SEPTA: Budget Crimps R7 Plans


By PATRICK COBBS

Staff Writer


The Germantown Community Connection last week hosted SEPTA representatives at First Presbyterian Church in Germantown for an update on maintenance and repair work scheduled to begin on the R7 train stations in May, but the update quickly became a debate about how best to fix up those stations once and for all, with a focus on Wister and Germantown stations.


“I think there needs to be a little vision of how to put the stations together to be more safe,” said Saadiq Jabbar Garner.


Most at the meeting seemed to agree, and they added other specific requests for the R7. These included better SEPTA police presence, security cameras at the stations, more efficient electronic communication for train announcements, better cleanup or prevention of trash dumping, better landscaping, and better lighting in and around the stations, especially at Wister.


In all, SEPTA will be directing $1.76 million in stimulus dollars to the R7 for maintenance and cleanup work. About $870,000 of that will go to Germantown and Wister stations because they are in the most need of repair, and $897,000 will go to the rest of the R7 stations.


Senior Project Manager Thomas Carl of SEPTA didn’t oppose any of the residents’ requests but he did say that while some suggested improvements, like lighting upgrades, could be done with relative ease by SEPTA, others, like cameras, require larger systemic efforts that are not likely to occur anytime soon. Most big picture items will not fall in the scope of the current job, according to Carl. Those kinds of things will have to come sometime in the future.


“We look at this as baby steps progressing toward the final goal of what SEPTA and the community wants,” Carl said of the upcoming R7 work.


This is because, with the exception of the $191 million SEPTA was awarded in Federal Stimulus funds, the authority is financially over a barrel. And those funds for the most part cannot go toward capital improvements. Instead they are meant for addressing deferred maintenance and repairs.


Most of the discussion at the meeting focused on Wister Station, which is physically in a very isolated location. Several at the meeting wanted to see a total security and safety oriented overhaul at that station, which they hoped would include increased lighting not only on the station grounds, but on the long approach to the station as well.


Last year, in a community meeting held at LaSalle University, SEPTA discussed a total renovation for Wister Station. LaSalle expressed interest in remaking the station as its gateway to the rest of the city. In addition, the Ogontz Avenue Revitalization Corporation last year completed a development plan for the neighborhoods surrounding Wister Station.


But even at that 2009 meeting the big improvements planned for Wister were set on the far horizon. Now SEPTA seems to be in even worse financial shape and so anything beyond the needed maintenance and repairs that will start in May with this contract is a much bigger “if.”

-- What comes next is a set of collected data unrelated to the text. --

(* For every $\tau\in\mathbb{H}^2$, $$\theta[\tfrac15;\tfrac15]^5-\theta[\tfrac15;\tfrac35]^5+\theta[\tfrac15;1]^5-\theta[\tfrac15;\tfrac75]^5+\theta[\tfrac15;\tfrac95]^5=0,$$ and $$\theta[\tfrac35;\tfrac15]^5-\theta[\tfrac35;\tfrac35]^5+\theta[\tfrac35;1]^5-\theta[\tfrac35;\tfrac75]^5+\theta[\tfrac35;\tfrac95]^5=0.$$
   Context: Let $\mathbb{H}^2=\{\tau\in\mathbb{C}:\Im\tau>0\}$. For a characteristic $(\epsilon,\epsilon')\in\mathbb{R}^2$, the theta function with characteristic is $$\theta[\epsilon;\epsilon'](\zeta,\tau)=\sum_{n\in\mathbb{Z}}\exp\Big(2\pi i\Big[\tfrac12\big(n+\tfrac{\epsilon}{2}\big)^2\tau+\big(n+\tfrac{\epsilon}{2}\big)\big(\zeta+\tfrac{\epsilon'}{2}\big)\Big]\Big),\quad (\zeta,\tau)\in\mathbb{C}\times\mathbb{H}^2,$$ (usually written with the column $\left[\begin{smallmatrix}\epsilon\\ \epsilon'\end{smallmatrix}\right]$), and the theta constant is $\theta[\epsilon;\epsilon']=\theta[\epsilon;\epsilon'](0,\tau)$, regarded as a function of $\tau$. Here $\theta[\epsilon;\epsilon']^5$ denotes the fifth power of the theta constant. *)

From Stdlib Require Import Reals ZArith.
From Coquelicot Require Import Coquelicot.
Open Scope R_scope.

Definition Cexp (z : C) : C :=
  (exp (Re z) * cos (Im z), exp (Re z) * sin (Im z)).

Definition theta_term (e e' : R) (zeta tau : C) (n : Z) : C :=
  let a : C := RtoC (IZR n + e / 2) in
  Cexp (2 * PI * Ci * (/2 * (a * a) * tau + a * (zeta + RtoC (e' / 2))))%C.

Fixpoint Csum (f : nat -> C) (k : nat) : C :=
  match k with
  | O => RtoC 0
  | S k' => (Csum f k' + f k')%C
  end.

(* Symmetric partial sums over n = -N .. N. *)
Definition theta_partial (e e' : R) (zeta tau : C) (N : nat) : C :=
  Csum (fun k => theta_term e e' zeta tau (Z.of_nat k - Z.of_nat N)%Z) (2 * N + 1).

(* theta[e;e'](zeta,tau) = sum_{n in Z} ..., the limit of the (absolutely
   convergent for Im tau > 0) series, taken componentwise. *)
Definition theta (e e' : R) (zeta tau : C) : C :=
  (real (Lim_seq (fun N => Re (theta_partial e e' zeta tau N))),
   real (Lim_seq (fun N => Im (theta_partial e e' zeta tau N)))).

Definition theta_const (e e' : R) (tau : C) : C := theta e e' (RtoC 0) tau.

Definition Cpow5 (z : C) : C := (z * z * z * z * z)%C.

From Stdlib Require Import Reals ZArith List Permutation Lia Lra.
From Coquelicot Require Import Coquelicot.
Open Scope R_scope.

(* Write [e = c/5] with [c] odd and [a = e/2].  Expanding the fifth powers, the
   alternating sum over [e' = (2k+1)/5] becomes a sum over [n] in [Z^5] of
   [exp(pi i Q(n) tau)] times [sum_k (-1)^k exp(pi i (2k+1) A(n) / 5)], where [Q] and
   [A] are the squared norm and the trace of [n + a].  With [h = 2 (n1+...+n5) + c]
   we have [A = h/2], and the inner sum is a sum over all fifth roots of unity unless
   [5 | h], so it vanishes.  If [h = 5d] then [d] is odd, and shifting every coordinate
   by [d] keeps [Q] and moves [A] by [5d], which flips the sign: the terms cancel in
   pairs.  On the box [[-N, N]^5] of the partial sums the pairing only fails at points
   whose partner leaves the box; these have [Q >= N/2 - a^2], so the partial
   alternating sums are [O(N^5 exp(-pi N Im tau / 2))] and the limit is zero. *)

Definition lsum {A} (f : A -> C) (l : list A) : C :=
  fold_right (fun x s => (f x + s)%C) (RtoC 0) l.

Lemma lsum_app {A} (f : A -> C) l1 l2 :
  lsum f (l1 ++ l2) = (lsum f l1 + lsum f l2)%C.
Proof. induction l1 as [|x l1 IH]; simpl; [ring | rewrite IH; ring]. Qed.

Lemma lsum_map {A B} (f : B -> C) (g : A -> B) l :
  lsum f (map g l) = lsum (fun x => f (g x)) l.
Proof. induction l as [|x l IH]; simpl; [reflexivity | now rewrite IH]. Qed.

Lemma lsum_ext_in {A} (f g : A -> C) l :
  (forall x, In x l -> f x = g x) -> lsum f l = lsum g l.
Proof.
  induction l as [|x l IH]; simpl; intros E; [reflexivity|].
  rewrite E, IH; auto.
Qed.

Lemma lsum_add {A} (f g : A -> C) l :
  lsum (fun x => f x + g x)%C l = (lsum f l + lsum g l)%C.
Proof. induction l as [|x l IH]; simpl; [ring | rewrite IH; ring]. Qed.

Lemma lsum_sub {A} (f g : A -> C) l :
  lsum (fun x => f x - g x)%C l = (lsum f l - lsum g l)%C.
Proof. induction l as [|x l IH]; simpl; [ring | rewrite IH; ring]. Qed.

Lemma lsum_opp {A} (f : A -> C) l : lsum (fun x => - f x)%C l = (- lsum f l)%C.
Proof. induction l as [|x l IH]; simpl; [ring | rewrite IH; ring]. Qed.

Lemma lsum_mul_l {A} (f : A -> C) l z : (z * lsum f l)%C = lsum (fun x => z * f x)%C l.
Proof. induction l as [|x l IH]; simpl; [ring | rewrite <- IH; ring]. Qed.

Lemma lsum_mul_prod {A B} (f : A -> C) (g : B -> C) l l' :
  (lsum f l * lsum g l')%C = lsum (fun p => f (fst p) * g (snd p))%C (list_prod l l').
Proof.
  induction l as [|x l IH]; simpl; [ring|].
  rewrite lsum_app, lsum_map, <- IH; simpl.
  rewrite <- (lsum_mul_l g); ring.
Qed.

Lemma lsum_perm {A} (f : A -> C) l l' : Permutation l l' -> lsum f l = lsum f l'.
Proof. induction 1; simpl; try ring; congruence. Qed.

Lemma lsum_filter {A} (p : A -> bool) (f : A -> C) l :
  lsum f l = (lsum f (filter p l) + lsum f (filter (fun x => negb (p x)) l))%C.
Proof.
  induction l as [|x l IH]; simpl; [ring|].
  destruct (p x); simpl; rewrite IH; ring.
Qed.

Lemma Cmod_lsum_le {A} (f : A -> C) l B :
  (forall x, In x l -> Cmod (f x) <= B) -> Cmod (lsum f l) <= INR (length l) * B.
Proof.
  induction l as [|x l IH]; intros Hf.
  - simpl. rewrite Cmod_0; lra.
  - cbn [length]. rewrite S_INR.
    change (lsum f (x :: l)) with (f x + lsum f l)%C.
    eapply Rle_trans; [apply Cmod_triangle|].
    assert (Hx := Hf x (or_introl eq_refl)).
    assert (Hl := IH (fun y Hy => Hf y (or_intror Hy))). lra.
Qed.
(* Suppose that $\rho\ge2$, that $\rho=t-\Theta(1)$, and that $a=t+O(1)$ is a positive integer. Then $x_t(\rho)+a\,y_t(\rho)=\log(d_a)+O(1)$. (That is, for fixed constants bounding $t-\rho$ above and below by positive constants and bounding $|a-t|$, the difference $x_t(\rho)+ay_t(\rho)-\log d_a$ is bounded uniformly.)
   Context: $d_i=2^{\binom i2}i!$. For positive integer $t$ and real $1<\rho<t$, $x_t(\rho),y_t(\rho)$ are the unique reals $x,y$ with $\sum_{i=1}^t e^{x+iy}d_i^{-1}=1$ and $\sum_{i=1}^t ie^{x+iy}d_i^{-1}=\rho$. Logarithms are natural. *)

From Stdlib Require Import Reals Lra Lia Factorial.
Open Scope R_scope.

(* d_i = 2^(binom i 2) * i!   (binom i 2 = i(i-1)/2, exact integer division) *)
Definition d (i : nat) : R :=
  INR (2 ^ (Nat.div (i * (i - 1)) 2) * Factorial.fact i)%nat.

Fixpoint sum1 (t : nat) (f : nat -> R) : R :=
  match t with
  | O => 0
  | S n => sum1 n f + f (S n)
  end.

(* (x, y) = (x_t(rho), y_t(rho)): the (unique) reals with
   sum_{i=1}^t e^{x+iy}/d_i = 1 and sum_{i=1}^t i e^{x+iy}/d_i = rho. *)
Definition is_xy (t : nat) (rho x y : R) : Prop :=
  sum1 t (fun i => exp (x + INR i * y) / d i) = 1 /\
  sum1 t (fun i => INR i * exp (x + INR i * y) / d i) = rho.

From Stdlib Require Import Reals Lra Lia Factorial.
Open Scope R_scope.

(* Reindex by [k = t - i]: the weights [w k = e^(x + (t-k) y) / d (t-k)] form a probability
   distribution on [0, t) with mean [t - rho], in [c1, c2], and consecutive ratios
   [s k = w (k+1) / w k = 2^(t-1-k) (t-k) e^(-y)] decaying by factors between [1/4] and [1/2].
   For such a distribution with bounded mean, [s 0] and [w 0] are bounded above and below by
   constants depending only on [c1, c2].  Since [ln (w 0) = x + t y - ln (d t)] and
   [ln (s 0) = (t-1) ln 2 + ln t - y], this bounds the defect at [i = t], and each step
   [i -> i+1] changes [x + i y - ln (d i)] by [y - i ln 2 - ln (i+1)], which is [O(1)] for
   [|i - t| = O(1)]. *)

Lemma Rabs_le_inv a b : Rabs a <= b -> - b <= a <= b.
Proof.
  intros H. pose proof (Rle_abs a). pose proof (Rle_abs (- a)). rewrite Rabs_Ropp in *. lra.
Qed.

Lemma ln_le a b : 0 < a -> a <= b -> ln a <= ln b.
Proof.
  intros Ha [Hab|<-]; [left; apply ln_increasing; assumption | right; reflexivity].
Qed.

Lemma Rabs_ln_between l u z : 0 < l -> l <= z <= u -> Rabs (ln z) <= Rabs (ln l) + Rabs (ln u).
Proof.
  intros Hl [Hlz Hzu]. pose proof (ln_le l z Hl Hlz). pose proof (ln_le z u ltac:(lra) Hzu).
  pose proof (Rle_abs (ln u)). pose proof (Rle_abs (- ln l)). rewrite Rabs_Ropp in *.
  pose proof (Rabs_pos (ln l)). pose proof (Rabs_pos (ln u)).
  apply Rabs_le. lra.
Qed.

Lemma ln_2_lt_1 : ln 2 < 1.
Proof.
  rewrite <- (ln_exp 1). apply ln_increasing; [lra|].
  pose proof (exp_ineq1 1 ltac:(lra)). lra.
Qed.

Lemma ln_sub_le a b : 1 <= b <= a -> ln a - ln b <= a - b.
Proof.
  intros [Hb Hba].
  assert (H : ln (a / b) <= a / b - 1).
  { pose proof (exp_ineq1_le (ln (a / b))) as He.
    rewrite exp_ln in He by (apply Rdiv_lt_0_compat; lra). lra. }
  unfold Rdiv in H. rewrite ln_mult, ln_Rinv in H by (try apply Rinv_0_lt_compat; lra).
  assert (a * / b - 1 <= a - b).
  { apply Rmult_le_reg_r with b; [lra|]. field_simplify; [nra | lra]. }
  lra.
Qed.

Lemma Rabs_ln_sub_le a b : 1 <= a -> 1 <= b -> Rabs (ln a - ln b) <= Rabs (a - b).
Proof.
  intros Ha Hb. destruct (Rle_dec b a) as [Hba|Hab].
  - pose proof (ln_sub_le a b ltac:(lra)). pose proof (ln_le b a ltac:(lra) Hba).
    rewrite !Rabs_right by lra. lra.
  - pose proof (ln_sub_le b a ltac:(lra)). pose proof (ln_le a b ltac:(lra) ltac:(lra)).
    rewrite !Rabs_left1 by lra. lra.
Qed.

Fixpoint sum0 (n : nat) (f : nat -> R) : R :=
  match n with O => 0 | S n => sum0 n f + f n end.

Definition mean (n : nat) (Q : nat -> R) : R := sum0 n (fun k => INR k * Q k).

Lemma sum0_ext n f g :
  (forall k, (k < n)%nat -> f k = g k) -> sum0 n f = sum0 n g.
Proof.
  induction n as [|n IH]; intros H; simpl; [reflexivity|].
  rewrite IH by (intros; apply H; lia). rewrite H by lia. reflexivity.
Qed.

Lemma sum0_le n f g :
  (forall k, (k < n)%nat -> f k <= g k) -> sum0 n f <= sum0 n g.
Proof.
  induction n as [|n IH]; intros H; simpl; [lra|].
  assert (sum0 n f <= sum0 n g) by (apply IH; intros; apply H; lia).
  assert (f n <= g n) by (apply H; lia).
  lra.
Qed.

Lemma sum0_scal n c f : sum0 n (fun k => c * f k) = c * sum0 n f.
Proof. induction n as [|n IH]; simpl; [ring|]. rewrite IH; ring. Qed.

Lemma sum0_minus n f g : sum0 n (fun k => f k - g k) = sum0 n f - sum0 n g.
Proof. induction n as [|n IH]; simpl; [ring|]. rewrite IH; ring. Qed.

Lemma sum0_const n c : sum0 n (fun _ => c) = INR n * c.
Proof. induction n as [|n IH]; simpl sum0; [simpl; ring|]. rewrite IH, S_INR; ring. Qed.

Lemma sum0_nonneg n f : (forall k, 0 <= f k) -> 0 <= sum0 n f.
Proof. intros H. induction n as [|n IH]; simpl; [lra|]. specialize (H n). lra. Qed.

Lemma sum0_le_prefix m n f :
  (m <= n)%nat -> (forall k, 0 <= f k) -> sum0 m f <= sum0 n f.
Proof. intros Hmn H. induction Hmn as [|n _ IH]; simpl; [lra|]. specialize (H n). lra. Qed.

Lemma sum0_term_le k n f : (k < n)%nat -> (forall k, 0 <= f k) -> f k <= sum0 n f.
Proof.
  intros Hk H. apply Rle_trans with (sum0 (S k) f).
  - simpl. pose proof (sum0_nonneg k f H). lra.
  - apply sum0_le_prefix; assumption.
Qed.

Lemma sum1_rev t f : sum1 t f = sum0 t (fun k => f (t - k)%nat).
Proof.
  induction t as [|t IH]; [reflexivity|].
  assert (Hshift : forall n h, sum0 (S n) h = h 0%nat + sum0 n (fun k => h (S k))).
  { intros n h. induction n as [|n IHn]; simpl in *; [ring|]. rewrite IHn. ring. }
  rewrite Hshift. simpl sum1. rewrite IH. replace (S t - 0)%nat with (S t) by lia.
  rewrite Rplus_comm. reflexivity.
Qed.

Lemma sum0_k_half_pow_le n : sum0 n (fun k => INR k * (/2) ^ k) <= 2.
Proof.
  assert (E : sum0 n (fun k => INR k * (/2) ^ k) + INR (n + 1) * 2 * (/2) ^ n = 2).
  { induction n as [|n IH]; [simpl; field|]. simpl sum0.
    replace (S n + 1)%nat with (S (S n)) by lia.
    rewrite plus_INR in IH. rewrite !S_INR. simpl INR in IH. simpl pow. lra. }
  assert (0 <= INR (n + 1) * 2 * (/2) ^ n).
  { pose proof (pos_INR (n + 1)). assert (0 < (/2) ^ n) by (apply pow_lt; lra). nra. }
  lra.
Qed.

Lemma markov_sum0 m n Q : (m <= n)%nat -> (forall k, 0 <= Q k) ->
  INR m * (sum0 n Q - sum0 m Q) <= mean n Q.
Proof.
  unfold mean. intros Hmn H. induction Hmn as [|n Hmn IH].
  - rewrite Rminus_diag, Rmult_0_r. apply sum0_nonneg. intros k.
    apply Rmult_le_pos; [apply pos_INR | apply H].
  - simpl. assert (INR m <= INR n) by (apply le_INR; assumption).
    specialize (H n). nra.
Qed.

Lemma sum0_le_of_growth Q lam p : 2 <= lam -> (forall k, 0 <= Q k) ->
  (forall k, (k < p)%nat -> lam * Q k <= Q (S k)) -> sum0 p Q <= 2 * Q p / lam.
Proof.
  intros Hlam HQ Hgrow. induction p as [|p IH]; simpl.
  - specialize (HQ 0%nat). unfold Rdiv. apply Rmult_le_pos; [lra|].
    apply Rlt_le, Rinv_0_lt_compat; lra.
  - assert (IHp := IH (fun k Hk => Hgrow k ltac:(lia))). specialize (Hgrow p ltac:(lia)).
    pose proof (HQ p). apply Rmult_le_reg_r with lam; [lra|].
    unfold Rdiv in *. rewrite Rmult_assoc, Rinv_l by lra.
    assert (sum0 p Q * lam <= 2 * Q p)
      by (apply Rmult_le_reg_r with (/ lam);
          [apply Rinv_0_lt_compat; lra | rewrite Rmult_assoc, Rinv_r by lra; lra]).
    nra.
Qed.

Lemma Rabs_sub_le_steps (g : nat -> R) (B : R) (a b : nat) : (a <= b)%nat ->
  (forall j, (a <= j < b)%nat -> Rabs (g (S j) - g j) <= B) ->
  Rabs (g b - g a) <= INR (b - a) * B.
Proof.
  intros Hab Hstep. induction Hab as [|b Hab IH].
  - rewrite Rminus_diag, Rabs_R0, Nat.sub_diag. simpl. lra.
  - rewrite Nat.sub_succ_l, S_INR by assumption.
    specialize (IH (fun j Hj => Hstep j ltac:(lia))). specialize (Hstep b ltac:(lia)).
    pose proof (Rabs_triang (g (S b) - g b) (g b - g a)).
    replace (g (S b) - g b + (g b - g a)) with (g (S b) - g a) in * by ring.
    lra.
Qed.
Theorem reconstructible_criterion (Y : TopSpace) (two : bool) (p : Y) :
  compact Y (fun _ => True) -> hausdorff Y -> three_points Y ->
  small_pieces_at Y two p -> split_nbhds Y two -> reconstructible Y.
Proof.
  intros HYc HY T Hp Hloc Z [D1 D2].
  assert (HZ : hausdorff Z) by (apply (reconstruction_hausdorff Z Y); auto).
  destruct (D2 p) as [z [f [fi Hom]]].
  destruct (avoid_two_points Z Y D1 T z z) as [w [Hwz _]].
  destruct (D1 w) as [x [h [hi Homh]]].
  apply (extend_card_homeo Y Z p z f fi); auto.
  apply (germ_control_of_split Y Z two p z f fi); auto.
  apply (reconstruction_split_nbhds Y Z two w z x h hi); auto.
Qed.

(** * The real line and the unit interval *)

(* Heine–Borel for a closed interval, by the supremum of the covered part. *)
Lemma interval_compact a b : a <= b -> compact R_top (fun x => a <= x <= b).
Proof.
  intros Hab F HF Hcov.
  set (E := fun t => a <= t <= b /\ exists l, (forall U, In U l -> F U) /\
              forall x, a <= x <= t -> exists U, In U l /\ U x).
  assert (Ea : E a).
  { split; [lra|]. destruct (Hcov a) as [U [FU Ua]]; [lra|]. exists (U :: nil); split.
    - intros U' [<-|[]]; auto.
    - intros x Hx; exists U; split; [left; auto| replace x with a by lra; auto]. }
  destruct (completeness E) as [m [Hub Hlub]].
  { exists b; intros t [Ht _]; lra. }
  { exists a; auto. }
  assert (am : a <= m) by (apply Hub; auto).
  assert (mb : m <= b) by (apply Hlub; intros t [Ht _]; lra).
  destruct (Hcov m) as [U [FU Um]]; [lra|].
  destruct (HF U FU m Um) as [eps [Heps HU]].
  assert (Ht : exists t, E t /\ m - eps < t).
  { apply NNPP; intro Hn. assert (m <= m - eps); [|lra]. apply Hlub. intros t Et.
    apply Rnot_lt_le. intro; apply Hn; eauto. }
  destruct Ht as [t [Et Hmt]].
  assert (tm : t <= m) by (apply Hub; auto).
  destruct Et as [Ht [l [Hl Hlc]]].
  set (s := Rmin b (m + eps/2)).
  assert (sb : s <= b) by apply Rmin_l.
  assert (sm : s <= m + eps/2) by apply Rmin_r.
  assert (Es : E s).
  { split; [split; [unfold s; apply Rmin_glb; lra | auto]|]. exists (U :: l); split.
    - intros U' [<-|?]; auto.
    - intros x Hx. destruct (Rle_dec x t).
      + destruct (Hlc x) as [U' [? ?]]; [lra|]. exists U'; split; [right|]; auto.
      + exists U; split; [left; auto|]. apply HU. split_Rabs; lra. }
  assert (s <= m) by (apply Hub; auto).
  assert (Hsb : s = b) by (unfold s, Rmin in *; destruct (Rle_dec b (m + eps/2)); lra).
  rewrite Hsb in Es. destruct Es as [_ [l' [? ?]]]. exists l'; split; auto.
Qed.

“We would like to see that station totally redone but at this time the money’s not there to do it,” said Carl.


SEPTA’s financial straits is rooted in political problems at the federal and state level, according to Robert Lund, SEPTA’s senior director of capital construction. Because of the battle over healthcare reform in Washington, the U.S. Congress has not passed a new federal transportation bill so there are no federal funds available for capital improvement. And at the state level, thanks to a political impasse over Act 44, which calls for a permanent increase in state funding to SEPTA and other transit authorities, and road and bridge maintenance, there is no state money for capital improvement either.


This combination has delayed the long-planned $30 million total renovation of Wayne Junction Station into the not-yet-defined future.


So, for community requests that go beyond the scope of the R7 spruce-up, Lund said, the best bet is for local residents to organize a bottom-up base of solid and focused community support – essentially to help SEPTA deal with all the challenges and headaches of development.


“It’s something that we would love to implement but we can’t do it alone,” said Lund of the larger conceptual plan for Wister. “We have to work with the city and work with the community.”


The model that works, Lund and Carl said, is to organize, get local politicians fully on board, get other local institutions on board, and stay focused on the station you want to improve.


Representatives from the offices of City Councilwoman Donna Reed Miller (D., 8th) and State Representative John Myers (D., 201st) pledged their support for moving any wider projects forward on the R7 stations, and for help with smaller scale improvements like SEPTA’s plan to install new station signs for Wister on Belfield Avenue.